# Hang Tag hole puncher with designs (Heart, Butterfly, Flower, 1/8 circle)



## Austin300 (May 24, 2009)

I am using vertical business cards as hang tags and went
to pick up a 1/8 inch circular hole punch and
found they have several other options available.

I designed my hang tag so that the upper 1/2 inch
gives me plenty of room to make a sharp looking
hole to run thread through and attach it to the
neck label.


If anyone is looking for a little extra for their custom
made hang tags I figured these special shapes might
come in handy for some. 

The helpful lady showed me the designs they have
and the heart, flower and butterfly would look good on
ladies or babies apparel hang tags and it gives a custom look (IMHO )

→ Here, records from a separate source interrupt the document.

(* Let $N\ge 1$ and $K\ge 2$ be integers with $K$ even and $N$ divisible by $K$, put $m=N/K$, and let $\alpha\in[0,2]$. Let $S_0\subset S$ be the set of the $2m+1$ pure strategies $s^{(j)}=(j,\,2m-j,\,j,\,2m-j,\,\ldots,\,j,\,2m-j)'$ for $j=0,1,\ldots,2m$ (odd-indexed battlefields receive $j$, even-indexed battlefields receive $2m-j$). Then the mixed strategy that randomizes uniformly over $S_0$ is a symmetric equilibrium strategy of $\mathcal{B}_\alpha(N,K)$, and in the resulting equilibrium each player's expected payoff equals $\pi^*=K\cdot\frac{m+\alpha/2}{2m+1}$.
   Context: Fix integers $N\ge1$, $K\ge2$ and a real number $\alpha$. The Colonel Blotto game $\mathcal{B}_\alpha(N,K)$ is the two-player simultaneous-move game with players $A,B$, each with pure strategy set $S=\{s\in\{0,1,\ldots,N\}^K:\sum_{k=1}^K s_k=N\}$, in which the payoff of player $i$ at the pure profile $(s^i,s^{-i})$ is $\pi^i(s^i,s^{-i})=\sum_{k=1}^K\big(\mathbf 1[s^i_k>s^{-i}_k]+\tfrac{\alpha}{2}\mathbf 1[s^i_k=s^{-i}_k]\big)$ (here $-i$ denotes the opponent of $i$). Mixed strategies are probability distributions on $S$, and payoffs of mixed profiles are expected payoffs (players randomize independently). A Nash equilibrium is a mixed profile from which no player can raise her expected payoff by a unilateral deviation. A symmetric equilibrium strategy is a mixed strategy $\sigma$ such that $(\sigma,\sigma)$ is a Nash equilibrium. *)

From HB Require Import structures.
From mathcomp Require Import all_boot all_order all_algebra.
From mathcomp Require Import reals.
Set Implicit Arguments. Unset Strict Implicit. Unset Printing Implicit Defensive.
Import Order.TTheory GRing.Theory Num.Theory.
Local Open Scope ring_scope.

Definition strat (N K : nat) :=
  {s : {ffun 'I_K -> 'I_N.+1} | (\sum_(k < K) (s k : nat))%N == N}.

Definition blotto_payoff (R : realType) (alpha : R) (N K : nat)
  (s t : strat N K) : R :=
  \sum_(k < K) (((val t k : nat) < (val s k : nat))%N%:R
                + alpha / 2 * ((val s k : nat) == (val t k : nat))%:R).

Definition is_mixed (R : realType) (N K : nat) (sigma : strat N K -> R) : Prop :=
  (forall s, 0 <= sigma s) /\ \sum_(s : strat N K) sigma s = 1.

Definition payoffA (R : realType) (alpha : R) (N K : nat)
  (sigmaA sigmaB : strat N K -> R) : R :=
  \sum_(s : strat N K) \sum_(t : strat N K)
     sigmaA s * sigmaB t * blotto_payoff alpha s t.

Definition payoffB (R : realType) (alpha : R) (N K : nat)
  (sigmaA sigmaB : strat N K -> R) : R :=
  \sum_(s : strat N K) \sum_(t : strat N K)
     sigmaA s * sigmaB t * blotto_payoff alpha t s.

Definition nash_equilibrium (R : realType) (alpha : R) (N K : nat)
  (sigmaA sigmaB : strat N K -> R) : Prop :=
  is_mixed sigmaA /\ is_mixed sigmaB /\
  (forall tau, is_mixed tau -> payoffA alpha tau sigmaB <= payoffA alpha sigmaA sigmaB) /\
  (forall tau, is_mixed tau -> payoffB alpha sigmaA tau <= payoffB alpha sigmaA sigmaB).

Definition symmetric_equilibrium_strategy (R : realType) (alpha : R) (N K : nat)
  (sigma : strat N K -> R) : Prop :=
  nash_equilibrium alpha sigma sigma.

(* S_0: the strategies s^(j), j = 0..2m: battlefield k (1-based) gets j if k is
   odd and 2m - j if k is even; with 0-based index k this means j if k is even. *)
Definition S0 (N K m : nat) : {set strat N K} :=
  [set s : strat N K | [exists j : 'I_(2 * m).+1, [forall k : 'I_K,
      (val s k : nat) == (if ~~ odd k then (j : nat) else (2 * m - j)%N)]]].

Definition uniform_on (R : realType) (N K : nat) (A : {set strat N K})
  (s : strat N K) : R :=
  if s \in A then (#|A|%:R)^-1 else 0.

From HB Require Import structures.
From mathcomp Require Import all_boot all_order all_algebra.
From mathcomp Require Import reals.
From mathcomp Require Import zify ring.
Import Order.TTheory GRing.Theory Num.Theory.
Local Open Scope ring_scope.

(* Against a pure reply t, summing over the 2m+1 strategies of S_0 on battlefield k,
   t wins [min (2m+1) t_k] times and ties once if t_k <= 2m, since j and 2m - j both
   run through 0..2m.  Summed over k this is at most N + K alpha/2 = K (m + alpha/2),
   with equality when every t_k <= 2m, in particular for t in S_0.  So every pure
   strategy earns at most K (m + alpha/2)/(2m+1) against the uniform strategy on S_0,
   and every strategy of S_0 earns exactly that. *)

Section SymmetricBestReply.

Variables (R : realType) (alpha : R) (N K : nat).

Definition pure_payoff (sigma : strat N K -> R) (s : strat N K) : R :=
  \sum_t sigma t * blotto_payoff alpha s t.

Lemma payoffA_pure (x y : strat N K -> R) :
  payoffA alpha x y = \sum_s x s * pure_payoff y s.
Proof.
apply: eq_bigr => s _; rewrite mulr_sumr.
by apply: eq_bigr => t _; rewrite mulrA.
Qed.

Lemma payoffB_pure (x y : strat N K -> R) :
  payoffB alpha x y = \sum_t y t * pure_payoff x t.
Proof.
rewrite /payoffB exchange_big; apply: eq_bigr => t _; rewrite mulr_sumr.
by apply: eq_bigr => s _; rewrite mulrA [x s * _]mulrC.
Qed.

Lemma mixed_average_le (tau V : strat N K -> R) (v : R) :
  is_mixed tau -> (forall s, V s <= v) -> \sum_s tau s * V s <= v.
Proof.
case=> tau_ge0 tau_sum1 V_le; apply: le_trans (_ : \sum_s tau s * v <= v).
  by apply: ler_sum => s _; apply: ler_wpM2l.
by rewrite -mulr_suml tau_sum1 mul1r.
Qed.

Lemma mixed_average_support (sigma V : strat N K -> R) (v : R) :
  is_mixed sigma -> (forall s, sigma s != 0 -> V s = v) ->
  \sum_s sigma s * V s = v.
Proof.
case=> _ sigma_sum1 V_supp; rewrite -[RHS]mul1r -sigma_sum1 mulr_suml.
apply: eq_bigr => s _; have [-> | /V_supp -> //] := eqVneq (sigma s) 0.
by rewrite !mul0r.
Qed.

Lemma symmetric_equilibrium_of_best_reply (sigma : strat N K -> R) (v : R) :
  is_mixed sigma ->
  (forall s, pure_payoff sigma s <= v) ->
  (forall s, sigma s != 0 -> pure_payoff sigma s = v) ->
  [/\ symmetric_equilibrium_strategy alpha sigma,
      payoffA alpha sigma sigma = v & payoffB alpha sigma sigma = v].
Proof.
move=> sigma_mixed V_le V_supp.
have PA : payoffA alpha sigma sigma = v.
  by rewrite payoffA_pure; apply: mixed_average_support.
have PB : payoffB alpha sigma sigma = v by rewrite payoffB_pure -payoffA_pure.
split=> //; do 2!split=> //; split=> tau tau_mixed.
  by rewrite PA payoffA_pure; apply: mixed_average_le.
by rewrite PB payoffB_pure; apply: mixed_average_le.
Qed.

End SymmetricBestReply.

Arguments pure_payoff {R} alpha {N K} sigma s.

Section Uniform.

Variables (R : realType) (N K : nat) (A : {set strat N K}).

Lemma sum_uniform_on (G : strat N K -> R) :
  \sum_s uniform_on R A s * G s = (#|A|%:R)^-1 * \sum_(s in A) G s.
Proof.
rewrite mulr_sumr [RHS]big_mkcond; apply: eq_bigr => s _.
by rewrite /uniform_on; case: (s \in A); rewrite ?mul0r ?mulr0.
Qed.

Lemma uniform_on_mixed : A != set0 -> is_mixed (uniform_on R A).
Proof.
move=> A_neq0; split=> [s | ].
  by rewrite /uniform_on; case: ifP => // _; rewrite invr_ge0 ler0n.
rewrite (eq_bigr (fun s => uniform_on R A s * 1)) => [|s _]; last by rewrite mulr1.
by rewrite sum_uniform_on sumr_const mulVf // pnatr_eq0 -lt0n card_gt0.
Qed.

Lemma uniform_on_supp s : uniform_on R A s != 0 -> s \in A.
Proof. by rewrite /uniform_on; case: ifP; rewrite ?eqxx. Qed.

End Uniform.

Lemma sum_ord_ltn n x : (\sum_(j < n) ((j : nat) < x))%N = minn n x.
Proof.
elim: n => [|n IH]; first by rewrite big_ord0 min0n.
rewrite big_ord_recr /= IH; case: (ltnP n x) => h /=; lia.
Qed.

Lemma sum_ord_eq n x : (\sum_(j < n) (x == (j : nat)))%N = (x < n)%N.
Proof.
elim: n => [|n IH]; first by rewrite big_ord0.
rewrite big_ord_recr /= IH ltnS; case: (ltngtP x n) => h /=; lia.
Qed.

Lemma sum_ord_alternate (K a b : nat) : ~~ odd K ->
  (\sum_(k < K) (if ~~ odd k then a else b))%N = (K./2 * (a + b))%N.
Proof.
move=> K_even.
have [h ->] : exists h, K = h.*2.
  by exists K./2; rewrite -{1}[K]odd_double_half (negbTE K_even) add0n.
rewrite doubleK; elim: h => [|h IH]; first by rewrite big_ord0.
rewrite doubleS !big_ord_recr /= IH /= odd_double /=; lia.
Qed.

Section AlternatingStrategies.

Variables (N K m : nat).
Hypotheses (KmN : (K * m)%N = N) (K_even : ~~ odd K) (K_gt0 : (0 < K)%N).

(* battlefields are 0-based, so the paper's odd battlefields are the even [k] *)
Definition alt_alloc (j k : nat) : nat := if ~~ odd k then j else (2 * m - j)%N.

Lemma alt_alloc_le j k : (j <= 2 * m)%N -> (alt_alloc j k <= 2 * m)%N.
Proof. by rewrite /alt_alloc; case: (odd k) => /=; lia. Qed.

Lemma alt_alloc_rev (R : realType) k (F : nat -> R) :
  \sum_(j < (2 * m).+1) F (alt_alloc j k) = \sum_(j < (2 * m).+1) F j.
Proof.
rewrite /alt_alloc; case: (odd k) => //=.
rewrite [RHS](reindex_inj rev_ord_inj) /=; apply: eq_bigr => j _.
by rewrite subSS.
Qed.

Lemma sum_alt_alloc j : (j <= 2 * m)%N -> (\sum_(k < K) alt_alloc j k)%N = N.
Proof.
move=> j_le; rewrite sum_ord_alternate // subnKC // -KmN.
by rewrite -{2}[K]odd_double_half (negbTE K_even) add0n -muln2; lia.
Qed.

Lemma double_m_leq_N : (2 * m <= N)%N.
Proof.
rewrite -KmN leq_mul2r; apply/orP; right.
have K_neq1 : K != 1%N by apply: contraNneq K_even => ->.
lia.
Qed.

Definition alt_ffun (j : 'I_(2 * m).+1) : {ffun 'I_K -> 'I_N.+1} :=
  [ffun k : 'I_K => inord (alt_alloc j k)].

Lemma alt_ffunE j k : (alt_ffun j k : nat) = alt_alloc j k.
Proof.
rewrite ffunE inordK // ltnS (leq_trans _ double_m_leq_N) //.
by rewrite alt_alloc_le // -ltnS.
Qed.

Lemma alt_ffun_sum j : (\sum_(k < K) (alt_ffun j k : nat))%N == N.
Proof.
rewrite (eq_bigr (fun k : 'I_K => alt_alloc j k)) => [|k _]; last exact: alt_ffunE.
by rewrite sum_alt_alloc // -ltnS.
Qed.

Definition alt_strat (j : 'I_(2 * m).+1) : strat N K :=
  exist _ (alt_ffun j) (alt_ffun_sum j).

Lemma alt_stratE j k : (val (alt_strat j) k : nat) = alt_alloc j k.
Proof. exact: alt_ffunE. Qed.

Lemma alt_strat_inj : injective alt_strat.
Proof.
move=> i j /(congr1 (fun s : strat N K => (val s (Ordinal K_gt0) : nat))).
by rewrite !alt_stratE /alt_alloc /= => /ord_inj.
Qed.

Lemma S0_alt_strat : S0 N K m = [set alt_strat j | j : 'I_(2 * m).+1].
Proof.
apply/setP => s; rewrite inE; apply/existsP/imsetP => [[j /forallP s_j] | [j _ ->]].
  exists j => //; apply/val_inj/ffunP => k; apply/ord_inj.
  by rewrite (eqP (s_j k)) alt_stratE.
by exists j; apply/forallP => k; rewrite alt_stratE.
Qed.

Lemma card_S0 : #|S0 N K m| = (2 * m).+1.
Proof. by rewrite S0_alt_strat card_imset ?card_ord //; apply: alt_strat_inj. Qed.

Variables (R : realType) (alpha : R).

Lemma sum_payoff_against_alt (t : strat N K) :
  \sum_(j < (2 * m).+1) blotto_payoff alpha t (alt_strat j) =
  \sum_(k < K) ((minn (2 * m).+1 (val t k))%:R
                + alpha / 2 * ((val t k < (2 * m).+1)%N)%:R).
Proof.
rewrite /blotto_payoff exchange_big; apply: eq_bigr => k _.
under eq_bigr => j _ do rewrite alt_stratE.
rewrite (alt_alloc_rev _ k (fun y => (y < val t k)%N%:R
           + alpha / 2 * ((val t k : nat) == y)%:R)).
by rewrite big_split /= -mulr_sumr -!natr_sum sum_ord_ltn sum_ord_eq.
Qed.

Lemma sum_alloc_tie_bonus (t : strat N K) :
  \sum_(k < K) ((val t k : nat)%:R + alpha / 2) = K%:R * (m%:R + alpha / 2).
Proof.
rewrite big_split /= -natr_sum (eqP (valP t)) sumr_const card_ord -KmN.
by rewrite natrM -mulr_natl; ring.
Qed.

Lemma sum_payoff_against_alt_le (t : strat N K) : 0 <= alpha ->
  \sum_(j < (2 * m).+1) blotto_payoff alpha t (alt_strat j)
    <= K%:R * (m%:R + alpha / 2).
Proof.
move=> alpha_ge0; rewrite sum_payoff_against_alt -(sum_alloc_tie_bonus t).
apply: ler_sum => k _; apply: lerD; first by rewrite ler_nat geq_minr.
have alpha2_ge0 : 0 <= alpha / 2 by rewrite divr_ge0.
by case: (_ < _)%N; rewrite ?mulr1 ?mulr0.
Qed.

Lemma sum_payoff_alt_against_alt i :
  \sum_(j < (2 * m).+1) blotto_payoff alpha (alt_strat i) (alt_strat j)
    = K%:R * (m%:R + alpha / 2).
Proof.
rewrite sum_payoff_against_alt -(sum_alloc_tie_bonus (alt_strat i)).
apply: eq_bigr => k _.
have i_k_le : (alt_alloc i k < (2 * m).+1)%N by rewrite ltnS alt_alloc_le // -ltnS.
by rewrite alt_stratE i_k_le mulr1; congr (_%:R + _); apply/minn_idPr/ltnW.
Qed.

Lemma pure_payoff_uniform_S0 (s : strat N K) :
  pure_payoff alpha (uniform_on R (S0 N K m)) s
    = ((2 * m).+1%:R)^-1 * \sum_(j < (2 * m).+1) blotto_payoff alpha s (alt_strat j).
Proof.
rewrite /pure_payoff sum_uniform_on card_S0 S0_alt_strat big_imset //=.
by move=> i j _ _; apply: alt_strat_inj.
Qed.

End AlternatingStrategies.

Arguments card_S0 {N K m}.
Arguments S0_alt_strat {N K m}.
Arguments pure_payoff_uniform_S0 {N K m}.
Arguments sum_payoff_against_alt_le {N K m}.
Arguments sum_payoff_alt_against_alt {N K m}.

Theorem proposition1 (R : realType) (N K : nat) (alpha : R) :
  (1 <= N)%N -> (2 <= K)%N -> ~~ odd K -> (K %| N)%N ->
  0 <= alpha <= 2 ->
  let m := (N %/ K)%N in
  let sigma0 := uniform_on R (S0 N K m) in
  symmetric_equilibrium_strategy alpha sigma0 /\
  payoffA alpha sigma0 sigma0 = K%:R * ((m%:R + alpha / 2) / (2 * m + 1)%N%:R) /\
  payoffB alpha sigma0 sigma0 = K%:R * ((m%:R + alpha / 2) / (2 * m + 1)%N%:R).
Proof.
move=> _ K_ge2 K_even K_dvd_N /andP[alpha_ge0 _] m sigma0.
have KmN : (K * m)%N = N by rewrite /m mulnC divnK.
have K_gt0 : (0 < K)%N by apply: leq_trans K_ge2.
set v := K%:R * ((m%:R + alpha / 2) / (2 * m + 1)%N%:R).
have value_eq : ((2 * m).+1%:R)^-1 * (K%:R * (m%:R + alpha / 2)) = v.
  by rewrite /v addn1; ring.
suff [] : [/\ symmetric_equilibrium_strategy alpha sigma0,
    payoffA alpha sigma0 sigma0 = v & payoffB alpha sigma0 sigma0 = v] by [].
apply: symmetric_equilibrium_of_best_reply => [|s|s].
- by apply: uniform_on_mixed; rewrite -card_gt0 (card_S0 KmN K_even K_gt0).
- rewrite (pure_payoff_uniform_S0 KmN K_even K_gt0) -value_eq.
  rewrite ler_wpM2l ?invr_ge0 //.
  exact: sum_payoff_against_alt_le.
- move/uniform_on_supp; rewrite (S0_alt_strat KmN K_even K_gt0) => /imsetP[i _ ->].
  rewrite (pure_payoff_uniform_S0 KmN K_even K_gt0).
  by rewrite (sum_payoff_alt_against_alt KmN K_even K_gt0).
Qed.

The 1/8 hole punch works great and can do several
tags/cards at a time. I would stick with only or 3 max.

It goes for under $4.00 at the Hobby Lobby store.

Here is a link to see what they offer.


Deprecated Browser Error



Hope that helps.


----------



## TwistedLogik (Jul 11, 2010)

This is a great idea, I've thought about using business cards as a hang tag and having shaped holes is something extra. Thanks for sharing


----------



## Lunatic Taskbar (Aug 26, 2010)

I have used business cards as hang tags from almost day 1 
I not only have our contact info on it, it also has our pricing - and the information for bulk orders, ie clubs, schools, businesses etc.


----------